Deep down inside, they mocked the notion of a young boy being a king for much longer and readied themselves for the power struggles that would come when the king falls. King Arthur was not a king universally acknowledged. She was a temporary king who was only recognized when her reign was going well.
As long as she could function as a king, some "incompatibility" could be ignored.

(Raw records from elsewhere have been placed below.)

Definition diam_le (V : choiceType) (K A : {fset V} -> Prop) (m : nat) : Prop :=
  forall v w, is_vertex A v -> is_vertex A w ->
    exists p, links K p v w /\ (size p <= m)%N.

Definition in_gsimplex (R : realType) (V : choiceType) (s : {fset V})
    (x : V -> R) : Prop :=
  (forall v, v \notin s -> x v = 0) /\ (forall v, v \in s -> 0 <= x v) /\
  \sum_(v <- s) x v = 1.

Definition in_real (R : realType) (V : choiceType) (A : {fset V} -> Prop)
    (x : V -> R) : Prop :=
  exists s, A s /\ in_gsimplex s x.

Definition in_unit (R : realType) (t : R) := 0 <= t <= 1.

(* |A| (with the weak/CW topology) is contractible: there is a point p of |A|
   and a homotopy H : |A| x [0,1] -> |A| from the identity to the constant map p.
   Continuity of H for the weak topology is expressed simplexwise: |A| x [0,1]
   carries the weak topology w.r.t. the |s| x [0,1], and a map from the compact
   |s| x [0,1] into the CW complex |A| is continuous iff its image lies in a
   finite subcomplex (finite support F) and it is continuous for the euclidean
   topology there. *)
Definition contractible (R : realType) (V : choiceType) (A : {fset V} -> Prop)
  : Prop :=
  exists (p : V -> R) (H : (V -> R) -> R -> (V -> R)),
    in_real A p /\
    (forall x, in_real A x -> H x 0 = x) /\
    (forall x, in_real A x -> H x 1 = p) /\
    (forall x t, in_real A x -> in_unit t -> in_real A (H x t)) /\
    (forall s, A s ->
       (exists F : {fset V}, forall x t, in_gsimplex s x -> in_unit t ->
            forall v, v \notin F -> H x t v = 0) /\
       (forall x t, in_gsimplex s x -> in_unit t ->
          forall eps : R, 0 < eps -> exists2 delta : R, 0 < delta &
            forall y u, in_gsimplex s y -> in_unit u ->
              (forall v, v \in s -> `|x v - y v| < delta) -> `|t - u| < delta ->
              forall v, `|H x t v - H y u v| < eps)).

Definition m_fine (R : realType) (V : choiceType) (K : {fset V} -> Prop)
    (m : nat) : Prop :=
  exists Z : ({fset V} -> Prop) -> ({fset V} -> Prop),
    (forall A, is_subcomplex K A -> diam_le K A m ->
       is_subcomplex K (Z A) /\ contractible R (Z A) /\
       (forall s, A s -> Z A s)) /\
    (forall A B, is_subcomplex K A -> diam_le K A m ->
       is_subcomplex K B -> diam_le K B m ->
       (forall s, A s -> B s) -> forall s, Z A s -> Z B s).

Definition sd (V : choiceType) (K : {fset V} -> Prop) : {fset {fset V}} -> Prop :=
  fun c => c != fset0 /\ (forall s, s \in c -> K s) /\
    (forall s t, s \in c -> t \in c -> fsubset s t \/ fsubset t s).

Fixpoint iter_vtx (V : choiceType) (k : nat) : choiceType :=
  match k with
  | 0 => V
  | k'.+1 => {fset (iter_vtx V k')}%type : choiceType
  end.

Fixpoint iter_sd (V : choiceType) (K : {fset V} -> Prop) (k : nat)
  : {fset (iter_vtx V k)} -> Prop :=
  match k return {fset (iter_vtx V k)} -> Prop with
  | 0 => K
  | k'.+1 => sd (@iter_sd V K k')
  end.
Arguments iter_sd {V} K k _.
Arguments iter_vtx V k : clear implicits.

(* Take k = m + 1; each vertex x of K^(k) has a carrier, a simplex of K.
   An edge of sd L joins two nested simplices of L, so a walk of length d in
   sd L starting in a simplex c projects to a walk of length d - 1 in L starting
   in the largest element of c. Inductively, all vertices of K^(m+1) within
   distance m of a given one have carriers sharing a vertex of K. Hence, when A
   has diameter at most m, the set P_A of vertices of K lying in the carriers of
   all vertices of A is nonempty, and A lies in the (m+1)-fold subdivision Z_A of
   the closed star of P_A in K; Z_A grows with A since P_A shrinks. That closed
   star is a cone, hence contractible, and subdivision preserves contractibility:
   the barycentric map |sd L| -> |L| has an explicit continuous inverse, sending y
   to the chain of its upper level sets weighted by the gaps between consecutive
   values of y. *)

From HB Require Import structures.
From mathcomp Require Import all_boot all_order all_algebra finmap.
From mathcomp Require Import boolp reals.
From mathcomp Require Import ring lra.
Set Implicit Arguments. Unset Strict Implicit. Unset Printing Implicit Defensive.
Import Order.TTheory GRing.Theory Num.Theory.
Local Open Scope fset_scope.

Lemma seq_greatest (T : eqType) (r : rel T) (l : seq T) x :
  transitive r -> x \in l ->
  (forall a b, a \in l -> b \in l -> r a b \/ r b a) ->
  exists2 s, s \in l & forall a, a \in l -> r a s.
Proof.
move=> r_tr; elim: l x => // a l IH x _ tot.
have raa : r a a by case: (tot a a); rewrite ?mem_head.
have totl : forall b c, b \in l -> c \in l -> r b c \/ r c b.
  by move=> b c bl cl; apply: tot; rewrite inE ?bl ?cl orbT.
case: l IH tot totl => [|y l] IH tot totl.
  by exists a; rewrite ?mem_head // => b; rewrite inE => /eqP ->.
have [s sl Hs] := IH y (mem_head y l) totl.
have sal : s \in a :: y :: l by rewrite inE sl orbT.
case: (tot a s (mem_head _ _) sal) => [ras|rsa].
  by exists s => // b; rewrite inE => /predU1P[->|/Hs].
exists a => [|b]; first exact: mem_head.
by rewrite inE => /predU1P[->|/Hs rbs] //; exact: r_tr rbs rsa.
Qed.

Section Chains.
Variable T : choiceType.
Implicit Types (C : {fset {fset T}}) (s : {fset T}).

Definition is_chain C := forall a b, a \in C -> b \in C -> a `<=` b \/ b `<=` a.

Lemma chain_greatest C s : s \in C -> is_chain C ->
  exists2 p, p \in C & forall a, a \in C -> a `<=` p.
Proof. exact: (@seq_greatest _ (fun a b => a `<=` b) _ _ (@fsubset_trans _)). Qed.

Lemma chain_least C s : s \in C -> is_chain C ->
  exists2 p, p \in C & forall a, a \in C -> p `<=` a.
Proof.
move=> sC ch; apply: (@seq_greatest _ (fun a b => b `<=` a) _ _ _ sC).
  by move=> b a c ba cb; exact: fsubset_trans cb ba.
by move=> a b aC bC; case: (ch a b aC bC); [right|left].
Qed.

Lemma chain_fsubset C C' : C' `<=` C -> is_chain C -> is_chain C'.
Proof. by move=> sub ch a b /(fsubsetP sub) aC /(fsubsetP sub) bC; exact: ch. Qed.

End Chains.

Section Complexes.
Variables (T : choiceType) (K : {fset T} -> Prop).
Hypothesis HK : is_complex K.
Implicit Types (s t : {fset T}).

Lemma simplex_mem s : K s -> exists x, x \in s.
Proof. by case: HK => K0 _ /K0 /fset0Pn. Qed.

Lemma complex_face s t x : K s -> t `<=` s -> x \in t -> K t.
Proof. by case: HK => _ Kface Ks ts xt; apply: Kface Ks ts _; apply/fset0Pn; exists x. Qed.

Lemma complex_edge s u w : K s -> u \in s -> w \in s -> K [fset u; w].
Proof.
move=> Ks us ws; apply: (complex_face Ks _ (fset21 u w)).
by apply/fsubsetP => z; rewrite !inE => /orP[] /eqP ->.
Qed.

Lemma sd_complex : is_complex (sd K).
Proof.
split=> [c [] //|c c' [c0 [cK ch]] sub c'0]; split=> //; split.
  by move=> s /(fsubsetP sub) /cK.
exact: chain_fsubset sub ch.
Qed.

End Complexes.

Lemma iter_sd_complex (V : choiceType) (K : {fset V} -> Prop) k :
  is_complex K -> is_complex (iter_sd K k).
Proof. by move=> HK; elim: k => [|k IH] //=; apply: sd_complex. Qed.

Lemma iter_sd_mono (V : choiceType) (K K' : {fset V} -> Prop) k :
  (forall s, K s -> K' s) -> forall c, iter_sd K k c -> iter_sd K' k c.
Proof.
move=> KK'; elim: k => [|k IH] c //=; first exact: KK'.
by move=> [c0 [cK ch]]; split=> //; split=> // s /cK /IH.
Qed.

(* The vertex set of the smallest simplex of K containing the vertex x of K^(k). *)
Fixpoint carrier (V : choiceType) (k : nat) : iter_vtx V k -> {fset V} :=
  match k return iter_vtx V k -> {fset V} with
  | 0 => fun u => [fset u]
  | k'.+1 => fun x : {fset iter_vtx V k'} => \bigcup_(w <- x) carrier w
  end.
Arguments carrier {V} k _.

Section Carrier.
Variable V : choiceType.

Lemma carrier1 (c : {fset V}) : carrier 1 c = c.
Proof.
apply/fsetP=> v; apply/bigfcupP/idP => [[w /andP[wc _]]|vc].
  by rewrite inE => /eqP ->.
by exists v; rewrite ?vc ?inE.
Qed.

Lemma carrier_sub k (x : {fset iter_vtx V k}) w :
  w \in x -> carrier k w `<=` carrier k.+1 x.
Proof. by move=> wx; apply: (@bigfcup_sup _ _ x w predT (carrier k)). Qed.

Lemma carrierS k (x y : {fset iter_vtx V k}) :
  x `<=` y -> carrier k.+1 x `<=` carrier k.+1 y.
Proof.
by move=> xy; apply/bigfcupsP => w wx _; apply: carrier_sub; exact: (fsubsetP xy).
Qed.

Variable K : {fset V} -> Prop.
Hypothesis HK : is_complex K.

Lemma carrier_simplex k (c : {fset iter_vtx V k}) :
  iter_sd K k c -> K (carrier k.+1 c).
Proof.
elim: k c => [|k IH] c; first by rewrite carrier1.
move=> [/fset0Pn[x xc] [cK ch]].
have [p pc cp] := chain_greatest xc ch.
have Kp := IH _ (cK _ pc).
have [v vp] := simplex_mem HK Kp.
have cp' : carrier k.+2 c `<=` carrier k.+1 p.
  by apply/bigfcupsP => w wc _; apply: carrierS; exact: cp.
exact: (complex_face HK Kp cp' (fsubsetP (@carrier_sub k.+1 c p pc) v vp)).
Qed.

Lemma iter_sd_carrier (L : {fset V} -> Prop) k (c : {fset iter_vtx V k}) :
  is_complex L -> iter_sd K k c -> L (carrier k.+1 c) -> iter_sd L k c.
Proof.
move=> HL; elim: k c => [|k IH] c; first by rewrite carrier1.
move=> [c0 [cK ch]] Lc; split=> //; split=> // x xc.
apply: IH; first exact: cK.
have [v vx] := simplex_mem HK (carrier_simplex (cK _ xc)).
exact: (complex_face HL Lc (@carrier_sub k.+1 c x xc) vx).
Qed.

End Carrier.

Fixpoint reach (T : choiceType) (M : {fset T} -> Prop) (S : {fset T})
    (d : nat) (w : T) : Prop :=
  match d with
  | 0 => w \in S
  | d'.+1 => reach M S d' w \/ exists2 u, reach M S d' u & M [fset u; w]
  end.

Lemma reach_mono (T : choiceType) (M : {fset T} -> Prop) S d d' w :
  (d <= d')%N -> reach M S d w -> reach M S d' w.
Proof.
move=> /subnK <-; elim: (d' - d)%N => [//|n IH] H.
by rewrite addSn; left; apply: IH.
Qed.

Section Reach.
Variables (T : choiceType) (M : {fset T} -> Prop).
Hypothesis HM : is_complex M.

Lemma reach_along S (q : seq {fset T}) (e : {fset T}) d :
  (forall b, b \in e -> reach M S d b) ->
  (forall s, s \in e :: q -> is_1simplex M s) ->
  (forall i, (i.+1 < size (e :: q))%N ->
      nth fset0 (e :: q) i `&` nth fset0 (e :: q) i.+1 != fset0) ->
  forall b, b \in last e q -> reach M S (d + size q) b.
Proof.
elim: q e d => [|e' q IH] e d He H1 Hn b /=; first by rewrite addn0; apply: He.
move=> bl; rewrite addnS -addSn; apply: (IH e') => // [b' b'e'||i hi].
- have /fset0Pn [c] := Hn 0%N erefl; rewrite inE => /andP[ce ce'].
  have [Me' _] : is_1simplex M e' by apply: H1; rewrite !inE eqxx orbT.
  by right; exists c; [exact: He | exact: (complex_edge HM Me' ce' b'e')].
- by move=> s sq; apply: H1; rewrite inE sq orbT.
- exact: (Hn i.+1).
Qed.

Lemma links_reach p v w : links M p v w -> reach M [fset v] (size p) w.
Proof.
case: p => [//|e q] [H1 [ve [wl Hn]]]; rewrite [size _]/= -add1n.
have [Me _] := H1 e (mem_head _ _).
apply: reach_along H1 Hn w wl => b be.
by right; exists v; [rewrite /= inE | exact: (complex_edge HM Me ve be)].
Qed.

Even if there were ones who discovered what the king truly was, they stayed quiet while she still proved to be a capable king.
They praised her as an ideal king, but as soon as they realised that her ideals that they so praised would not save absolutely everyone, they pushed all the blame on her. And look where it led us.
I imagine Mordred will raise troops against us when King Arthur returns from Rome.
I've had enough of this foolish infighting. I'll think of some reason to excuse myself from it all. Perhaps join up with that other fellow
womanizer, Lancelot — I, no. That is the one thing I will never do. It's fine, I'll set off sail for some other land and spend my days relaxing there. With all that fortune I've amassed, I have no need to fight anymore.
And you, you will be fleeing to some fairyland, won't you? Best to end this idle talk lest you have your head chopped off for being an opportunist.
What? You want to hear what I think of King Arthur?
…Yeah, there is one thing I wanted to ask you. Since she had been aware, and she's spent most of her day learning to be a king. And the sole free time she had, the time she should be sleeping, she spent taking care of the needs of the horses and patrolling the village. In her life, she had no room for herself, never personally experienced what it was she trying to protect. Is there anything more heartbreaking than that?
I am a man who will cut off the head of a giant if asked, but even I frowned not being able to look at this.
When we were still living with my father, I couldn't help but having to speak my mind, because I was so disgusted:
"Hey you! when are you sleeping?"
"Don't worry, big brother. I am asleep
from dawn until the sun rises."
She actually smiled when she said that.
Dawn until the rise of the sun. That's not even three hours. I was dismayed, but it served as a good opportunity for me to learn that a mundane person like I will never get anything good coming from being involved with this overly-serious fool. But then some days later, I met you and learned a truth I did not want to know. That a magus, one who was an incubus, was teaching her how to be a king in even her dreams.
"What a joke. In other words, she hadn't even been truly
sleeping."
No one else knew though.
Because of that, now that I see the country on the edge of falling I find myself thinking
"Absurd. What was it that she wanted to do so much to
go that far?"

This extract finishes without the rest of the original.